### Exercise brief:
Produce an exact copy of the first line of the data below and each line after it, please, up to and including the one with "Definition nonatomic : Prop".

(Record set Opens)

(* Let $(\Omega,\mathcal{F},\mathbb{P})$ be a nonatomic probability space, let $a>0$, $c\ge0$, $C=\frac1a(1+ac-\sqrt{1+a^2c^2})$, and let $u(x)=C$ for $x\ge c$ and $u(x)=\frac1a(1+ax-\sqrt{1+a^2x^2})$ for $x<c$. Let $\alpha<C$ and set $\mathcal{A}_u^\infty=\{X\in L^\infty:\mathbb{E}[u(X)]\ge\alpha\}$. Let $S=(S_0,S_T)$ be a traded asset with $S_T\in L^\infty$ and assume $\rho_{\mathcal{A}_u^\infty,S}$ is finite-valued on $L^\infty$. Then $\mathrm{Index}_{\mathrm{fin}}(\rho_{\mathcal{A}_u^\infty,S})=1$ and the infimum defining the index is attained.
   Context: A traded asset is $S=(S_0,S_T)$ with $S_0>0$, $S_T\ge0$ a.s., $S_T\ne0$. For $\mathcal{B}\subset L^\infty$, $\rho_{\mathcal{B},S}(X)=\inf\{m\in\mathbb{R}:X+\frac{m}{S_0}S_T\in\mathcal{B}\}$. For a convex, law-invariant acceptance set $\mathcal{A}\subset L^\infty$ with $\rho_{\mathcal{A},S}$ finite-valued on $L^\infty$, $\mathrm{Index}_{\mathrm{fin}}(\rho_{\mathcal{A},S})=\inf\{p\in[1,\infty):\text{the closure of }\mathcal{A}\text{ in }L^p\text{ has nonempty interior in }L^p\}$, with $\inf\emptyset=\infty$; the index is attained if this infimum belongs to the set. *)

From HB Require Import structures.
From mathcomp Require Import all_boot all_order all_algebra.
From mathcomp Require Import all_classical all_reals all_analysis.
Set Implicit Arguments. Unset Strict Implicit. Unset Printing Implicit Defensive.
Import Order.TTheory GRing.Theory Num.Theory.
Local Open Scope classical_set_scope.
Local Open Scope ring_scope.

Section Defs.
Context {d : measure_display} {T : measurableType d} {R : realType}.
Variable P : probability T R.

Definition nonatomic : Prop :=
  forall A : set T, measurable A -> (0 < P A)%E ->
    exists B : set T, [/\ measurable B, B `<=` A, (0 < P B)%E & (P B < P A)%E].

Definition Linf (f : T -> R) : Prop :=
  measurable_fun setT f /\ finite_norm P +oo%E f.

Definition Lp (p : R) (f : T -> R) : Prop :=
  measurable_fun setT f /\ finite_norm P p%:E f.

Definition Ldist (p : R) (f g : T -> R) : \bar R :=
  'N[P]_p%:E [EFin \o (f \- g)].

Definition Lclosure (p : R) (B : set (T -> R)) : set (T -> R) :=
  [set f | Lp p f /\
     forall e : R, 0 < e -> exists g, B g /\ (Ldist p f g < e%:E)%E].

Definition Lp_interior_nonempty (p : R) (C : set (T -> R)) : Prop :=
  exists f, Lp p f /\ exists2 e : R, 0 < e &
    forall g, Lp p g -> (Ldist p g f < e%:E)%E -> C g.

Definition index_set (B : set (T -> R)) : set R :=
  [set p | 1 <= p /\ Lp_interior_nonempty p (Lclosure p B)].

(* Index_fin (inf of the empty set is +oo) *)
Definition Index_fin (B : set (T -> R)) : \bar R :=
  ereal_inf [set p%:E | p in index_set B].

Definition Index_fin_attained (B : set (T -> R)) : Prop :=
  exists2 p, index_set B p & p%:E = Index_fin B.

Definition rho (B : set (T -> R)) (S0 : R) (ST : T -> R) (X : T -> R) : \bar R :=
  ereal_inf [set m%:E | m in [set m : R | B (X \+ (fun w => m / S0 * ST w))]].

Definition Cconst (a c : R) : R := (1 + a * c - Num.sqrt (1 + a ^+ 2 * c ^+ 2)) / a.

Definition u_fun (a c : R) (x : R) : R :=
  if x < c then (1 + a * x - Num.sqrt (1 + a ^+ 2 * x ^+ 2)) / a else Cconst a c.

Definition Au (a c alpha : R) : set (T -> R) :=
  [set X | Linf X /\ (alpha%:E <= \int[P]_w (u_fun a c (X w))%:E)%E].

End Defs.

(* Below [c] the utility [u] is 2-Lipschitz (the map [x |-> sqrt (1 + x^2)] is
   1-Lipschitz) and above [c] it equals [C], so [|u x - C| <= 2 |x - c|] and
   [E[u X] >= C - 2 E|X - c|].  Hence every bounded [X] within L^1-distance
   [(C - alpha)/2] of the constant [c] is acceptable.  An arbitrary L^1 function
   [g] in that ball is the L^1-limit (dominated convergence) of its truncations
   [c + clip_n (g - c)], which are bounded and stay in the ball.  So the
   L^1-closure of [A_u] contains an L^1-ball, [1] belongs to the index set, and
   since that set lies in [[1, oo)] the index is [1] and attained. *)
From HB Require Import structures.
From mathcomp Require Import all_boot all_order all_algebra.
From mathcomp Require Import all_classical all_reals all_analysis.
From mathcomp Require Import ring lra measurable_realfun ess_sup_inf.
Import Order.TTheory GRing.Theory Num.Theory.
Local Open Scope classical_set_scope.
Local Open Scope ring_scope.

Lemma dist_sqrt1D_sqr {R : realType} (s t : R) :
  `|Num.sqrt (1 + s ^+ 2) - Num.sqrt (1 + t ^+ 2)| <= `|s - t|.
Proof.
have sqrt_le (x y : R) : Num.sqrt (1 + x ^+ 2) <= Num.sqrt (1 + y ^+ 2) + `|x - y|.
  have h0 : 0 <= Num.sqrt (1 + y ^+ 2) + `|x - y| by rewrite addr_ge0 ?sqrtr_ge0.
  rewrite -[leRHS]ger0_norm // -sqrtr_sqr ler_sqrt ?sqr_ge0 //.
  have y_le : `|y| <= Num.sqrt (1 + y ^+ 2).
    by rewrite -sqrtr_sqr ler_sqrt ?addr_ge0 ?sqr_ge0 // lerDr.
  have cross : (x - y) * y <= `|x - y| * Num.sqrt (1 + y ^+ 2).
    by rewrite (le_trans (ler_norm _)) // normrM ler_wpM2l.
  have sq : `|x - y| ^+ 2 = (x - y) ^+ 2 by rewrite -normrX ger0_norm ?sqr_ge0.
  rewrite sqrrD sqr_sqrtr ?addr_ge0 ?sqr_ge0 // sq; nra.
have := sqrt_le s t; have := sqrt_le t s; rewrite distrC ler_norml.
by move=> ts st; apply/andP; split; lra.
Qed.

Lemma dist_u_fun_Cconst {R : realType} (a c x : R) : 0 < a ->
  `|u_fun a c x - Cconst a c| <= 2 * `|x - c|.
Proof.
move=> a0; rewrite /u_fun; case: ifPn => [xc|_]; last by rewrite subrr normr0 mulr_ge0.
have -> : (1 + a * x - Num.sqrt (1 + a ^+ 2 * x ^+ 2)) / a - Cconst a c =
    (a * (x - c) - (Num.sqrt (1 + (a * x) ^+ 2) - Num.sqrt (1 + (a * c) ^+ 2))) / a.
  by rewrite /Cconst !exprMn; field; rewrite lt0r_neq0.
rewrite normrM normfV [`|a|]gtr0_norm // ler_pdivrMr //.
rewrite (le_trans (ler_normB _ _)) // normrM gtr0_norm //.
rewrite (le_trans (lerD (lexx _) (dist_sqrt1D_sqr _ _))) //.
by rewrite -mulrBr !normrM (gtr0_norm a0); lra.
Qed.

Lemma measurable_u_fun {R : realType} (a c : R) : measurable_fun setT (u_fun a c).
Proof.
have -> : u_fun a c = (fun y => (1 + a * Num.min y c
    - Num.sqrt (1 + a ^+ 2 * (Num.min y c) ^+ 2)) / a).
  by apply/funext => y; rewrite /u_fun /Cconst /Num.min /Order.min; case: ifPn.
apply: measurable_funM => //; apply: measurable_funB.
  by apply: measurable_funD => //; apply: measurable_funM => //; exact: measurable_minr.
apply: measurableT_comp; first exact: continuous_measurable_fun (@sqrt_continuous R).
apply: measurable_funD => //; apply: measurable_funM => //.
by apply: measurable_funX; exact: measurable_minr.
Qed.

Definition clip {R : realType} (n : nat) (y : R) : R :=
  Num.max (- n%:R) (Num.min y n%:R).

Section clip.
Context {R : realType}.
Implicit Types (n : nat) (y : R).

Lemma norm_clip_le n y : `|clip n y| <= n%:R.
Proof.
rewrite ler_norml le_max lexx ge_max ge_min lexx orbT /= andbT.
by have := ler0n R n; lra.
Qed.

Lemma norm_clip_le_norm n y : `|clip n y| <= `|y|.
Proof.
have n0 := ler0n R n; have y0 := normr_ge0 y.
have Ny : - `|y| <= y by rewrite lerNl -normrN ler_norm.
rewrite ler_norml le_max le_min ge_max ge_min ler_norm Ny /= andbT.
by apply/andP; split; [apply/orP; right|]; lra.
Qed.

Lemma clip_id n y : `|y| <= n%:R -> clip n y = y.
Proof.
rewrite ler_norml => /andP[ny yn].
by rewrite /clip (min_l yn) (max_r ny).
Qed.

Lemma measurable_clip n : measurable_fun setT (@clip R n).
Proof. by apply: measurable_maxr => //; exact: measurable_minr. Qed.

End clip.

Lemma integral_dist_clip_cvg0 {d} {T : measurableType d} {R : realType}
    (mu : {measure set T -> \bar R}) (h : T -> R) :
  mu.-integrable setT (EFin \o h) ->
  (\int[mu]_w `|(clip n (h w))%:E - (h w)%:E|)%E @[n --> \oo] --> 0%E.
Proof.
move=> ih; have mh : measurable_fun setT h by exact/measurable_EFinP/(measurable_int mu).
have clip_cvg : {ae mu, forall w, setT w ->
    (fun n => (clip n (h w))%:E) @ \oo --> (h w)%:E}.
  apply: aeW => w _; apply: cvg_near_cst.
  exists (Num.truncn `|h w|).+1 => // n /= Nn; rewrite clip_id //.
  by rewrite (le_trans (ltW (truncnS_gt _))) // ler_nat.
have clip_dom : {ae mu, forall w n, setT w ->
    (`|(clip n (h w))%:E| <= (abse \o (EFin \o h)) w)%E}.
  by apply: aeW => w n _ /=; rewrite lee_fin norm_clip_le_norm.
have mclip n : measurable_fun setT (EFin \o (clip n \o h)).
  by apply/measurable_EFinP; exact: measurableT_comp (measurable_clip n) mh.
by have [] := dominated_convergence measurableT mclip (measurable_int mu ih)
  clip_cvg (integrable_abse ih) clip_dom.
Qed.

Section acceptance_set.
Context d (T : measurableType d) (R : realType) (P : probability T R).
Variables (a c alpha : R).

Let P_setT : (P : {measure set T -> \bar R}) setT = 1%E.
Proof. exact: probability_setT. Qed.

Lemma Linf_bounded (f : T -> R) (M : R) :
  measurable_fun setT f -> (forall w, `|f w| <= M) -> Linf P f.
Proof.
move=> mf fM; split => //.
rewrite /finite_norm unlock /Lnorm P_setT lte01.
apply: (@le_lt_trans _ _ M%:E); last exact: ltry.
by apply/ess_supP; apply: nearW => w; rewrite /= lee_fin.
Qed.

Hypothesis a0 : 0 < a.

Let dev (X : T -> R) w := `|X w - c|.

Let integrable_dev2 {X : T -> R} : P.-integrable setT (EFin \o dev X) ->
  P.-integrable setT (fun w => (2 * dev X w)%:E).
Proof. by move=> idev; under eq_fun do rewrite EFinM; exact: integrableZl. Qed.

Lemma integrable_u_fun_comp {X : T -> R} : measurable_fun setT X ->
  P.-integrable setT (EFin \o dev X) ->
  P.-integrable setT (fun w => (u_fun a c (X w))%:E).
Proof.
move=> mX idev.
have ibound := integrableD measurableT
  (finite_measure_integrable_cst P `|Cconst a c| measurableT) (integrable_dev2 idev).
apply: (le_integrable measurableT _ _ ibound).
  by apply/measurable_EFinP; exact: measurableT_comp (measurable_u_fun a c) mX.
move=> w _ /=; rewrite lee_fin.
rewrite [leRHS]ger0_norm ?addr_ge0 ?mulr_ge0 ?normr_ge0 //.
rewrite -[u_fun _ _ _](subrK (Cconst a c)) (le_trans (ler_normD _ _)) //.
by rewrite [leLHS]addrC lerD2l (dist_u_fun_Cconst _ _ _ a0).
Qed.

Lemma integral_u_fun_ge {X : T -> R} : measurable_fun setT X ->
  P.-integrable setT (EFin \o dev X) ->
  ((Cconst a c)%:E - 2%:E * \int[P]_w (dev X w)%:E <= \int[P]_w (u_fun a c (X w))%:E)%E.
Proof.
move=> mX idev; have icst := finite_measure_integrable_cst P (Cconst a c) measurableT.
rewrite -ge0_integralZl_EFin //; [|by move=> w _; rewrite lee_fin /dev|exact: measurable_int idev].
under eq_integral do rewrite -EFinM.
have -> : (Cconst a c)%:E = (\int[P]_w (cst (Cconst a c) w)%:E)%E.
  by rewrite (integral_cst P measurableT (Cconst a c)%:E) P_setT mule1.
rewrite -integralB_EFin //; last exact: integrable_dev2.
apply: le_integral => //.
- exact: (integrableB measurableT icst (integrable_dev2 idev) : P.-integrable _ _).
- exact: integrable_u_fun_comp.
- move=> w _; rewrite /= lee_fin /dev.
  by have := dist_u_fun_Cconst _ c (X w) a0; rewrite ler_norml => /andP[]; lra.
Qed.

Lemma Au_of_integral_dev_le (X : T -> R) : Linf P X ->
  P.-integrable setT (EFin \o dev X) ->
  (\int[P]_w (dev X w)%:E <= ((Cconst a c - alpha) / 2)%:E)%E ->
  Au P a c alpha X.
Proof.
move=> [mX XLinf] idev dev_le; split; first by [].
apply: le_trans (integral_u_fun_ge mX idev).
have dev_fin : (\int[P]_w (dev X w)%:E)%E \is a fin_num.
  rewrite ge0_fin_numE; first exact: le_lt_trans dev_le (ltry _).
  by apply: integral_ge0 => w _; rewrite lee_fin /dev.
rewrite -(fineK dev_fin) lee_fin in dev_le *.
by rewrite -EFinM -EFinB lee_fin; lra.
Qed.

Lemma Au_clip (h : T -> R) (n : nat) : P.-integrable setT (EFin \o h) ->
  (\int[P]_w `|(h w)%:E| <= ((Cconst a c - alpha) / 2)%:E)%E ->
  Au P a c alpha (fun w => c + clip n (h w)).
Proof.
move=> ih h_le.
have mclip : measurable_fun setT (clip n \o h).
  exact/(measurableT_comp (measurable_clip n))/measurable_EFinP/(measurable_int P ih).
have dev_clip : dev (fun w => c + clip n (h w)) = fun w => `|clip n (h w)|.
  by apply/funext => w; rewrite /dev addrC addKr.
have idev : P.-integrable setT (EFin \o dev (fun w => c + clip n (h w))).
  rewrite dev_clip; apply: (le_integrable measurableT _ _ (integrable_abse ih)).
    by apply/measurable_EFinP; apply: measurableT_comp.
  by move=> w _ /=; rewrite lee_fin !normr_id norm_clip_le_norm.
apply: Au_of_integral_dev_le idev _.
  apply: (@Linf_bounded _ (`|c| + n%:R)); first exact: measurable_funD.
  by move=> w; rewrite (le_trans (ler_normD _ _)) // lerD2l norm_clip_le.
apply: le_trans h_le; rewrite dev_clip; apply: ge0_le_integral => //.
- by apply/measurable_EFinP; apply: measurableT_comp.
- by apply: measurableT_comp => //; exact: measurable_int ih.
- by move=> w _ /=; rewrite lee_fin norm_clip_le_norm.
Qed.

Hypothesis alpha_lt : alpha < Cconst a c.

(* The L^1-ball of radius (C - alpha)/2 around the constant c lies in the
   L^1-closure of A_u. *)
Lemma Lp1_interior_Lclosure_Au : Lp_interior_nonempty P 1 (Lclosure P 1 (Au P a c alpha)).
Proof.
have e0 : 0 < (Cconst a c - alpha) / 2 by rewrite divr_gt0 // subr_gt0.
have Lp1_cst : Lp P 1 (cst c).
  split; first exact: measurable_cst.
  by rewrite /finite_norm Lnorm1 /= integral_cst // P_setT mule1 ltry.
exists (cst c); split => //; exists ((Cconst a c - alpha) / 2) => // g Lg g_near.
split => // e' e'0.
pose h w := g w - c.
have h_lt : (\int[P]_w `|(h w)%:E| < ((Cconst a c - alpha) / 2)%:E)%E.
  by move: g_near; rewrite /Ldist Lnorm1.
have ih : P.-integrable setT (EFin \o h).
  apply/integrableP; split; last exact: lt_trans h_lt (ltry _).
  by apply/measurable_EFinP; apply: measurable_funB => //; case: Lg.
have [N _ clip_near] : \forall n \near \oo,
    (\int[P]_w `|(clip n (h w))%:E - (h w)%:E| < e'%:E)%E.
  by move: (@nbhs_open_ereal_lt R 0 (fun=> e') e'0); apply: integral_dist_clip_cvg0.
exists (fun w => c + clip N (h w)); split; first exact: Au_clip (ltW h_lt).
suff -> : Ldist P 1 g (fun w => c + clip N (h w)) =
    (\int[P]_w `|(clip N (h w))%:E - (h w)%:E|)%E by exact: clip_near N (leqnn N).
rewrite /Ldist Lnorm1; apply: eq_integral => w _.
by rewrite /= distrC /h; congr (`|_|%:E); ring.
Qed.

End acceptance_set.

(* The index set lies in [1, oo), so it attains its infimum as soon as it contains 1. *)
Lemma Index_fin_eq1 {d} {T : measurableType d} {R : realType} (P : probability T R)
    (B : set (T -> R)) :
  index_set P B 1 -> Index_fin P B = 1%:E.
Proof.
move=> B1; apply/eqP; rewrite eq_le; apply/andP; split.
  by apply: ereal_inf_lbound; exists 1.
by apply: le_ereal_inf_tmp => _ [p [p1 _] <-]; rewrite lee_fin.
Qed.

Theorem corollary6p9 (d : measure_display) (T : measurableType d) (R : realType)
  (P : probability T R) (a c alpha S0 : R) (ST : T -> R) :
  nonatomic P ->
  0 < a -> 0 <= c -> alpha < Cconst a c ->
  0 < S0 ->
  {ae P, forall w, 0 <= ST w} ->
  ~ {ae P, forall w, ST w = 0} ->
  Linf P ST ->
  (forall X, Linf P X -> rho (Au P a c alpha) S0 ST X \is a fin_num) ->
  Index_fin P (Au P a c alpha) = 1%:E /\ Index_fin_attained P (Au P a c alpha).
Proof.
move=> _ a0 _ alpha_lt _ _ _ _ _.
have index1 : index_set P (Au P a c alpha) 1.
  by split; [exact: lexx | exact: Lp1_interior_Lclosure_Au].
have Index1 := Index_fin_eq1 _ _ index1.
by split => //; exists 1.
Qed.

(Record set Closes)

### Your response:
(* Let $(\Omega,\mathcal{F},\mathbb{P})$ be a nonatomic probability space, let $a>0$, $c\ge0$, $C=\frac1a(1+ac-\sqrt{1+a^2c^2})$, and let $u(x)=C$ for $x\ge c$ and $u(x)=\frac1a(1+ax-\sqrt{1+a^2x^2})$ for $x<c$. Let $\alpha<C$ and set $\mathcal{A}_u^\infty=\{X\in L^\infty:\mathbb{E}[u(X)]\ge\alpha\}$. Let $S=(S_0,S_T)$ be a traded asset with $S_T\in L^\infty$ and assume $\rho_{\mathcal{A}_u^\infty,S}$ is finite-valued on $L^\infty$. Then $\mathrm{Index}_{\mathrm{fin}}(\rho_{\mathcal{A}_u^\infty,S})=1$ and the infimum defining the index is attained.
   Context: A traded asset is $S=(S_0,S_T)$ with $S_0>0$, $S_T\ge0$ a.s., $S_T\ne0$. For $\mathcal{B}\subset L^\infty$, $\rho_{\mathcal{B},S}(X)=\inf\{m\in\mathbb{R}:X+\frac{m}{S_0}S_T\in\mathcal{B}\}$. For a convex, law-invariant acceptance set $\mathcal{A}\subset L^\infty$ with $\rho_{\mathcal{A},S}$ finite-valued on $L^\infty$, $\mathrm{Index}_{\mathrm{fin}}(\rho_{\mathcal{A},S})=\inf\{p\in[1,\infty):\text{the closure of }\mathcal{A}\text{ in }L^p\text{ has nonempty interior in }L^p\}$, with $\inf\emptyset=\infty$; the index is attained if this infimum belongs to the set. *)

From HB Require Import structures.
From mathcomp Require Import all_boot all_order all_algebra.
From mathcomp Require Import all_classical all_reals all_analysis.
Set Implicit Arguments. Unset Strict Implicit. Unset Printing Implicit Defensive.
Import Order.TTheory GRing.Theory Num.Theory.
Local Open Scope classical_set_scope.
Local Open Scope ring_scope.

Section Defs.
Context {d : measure_display} {T : measurableType d} {R : realType}.
Variable P : probability T R.

Definition nonatomic : Prop :=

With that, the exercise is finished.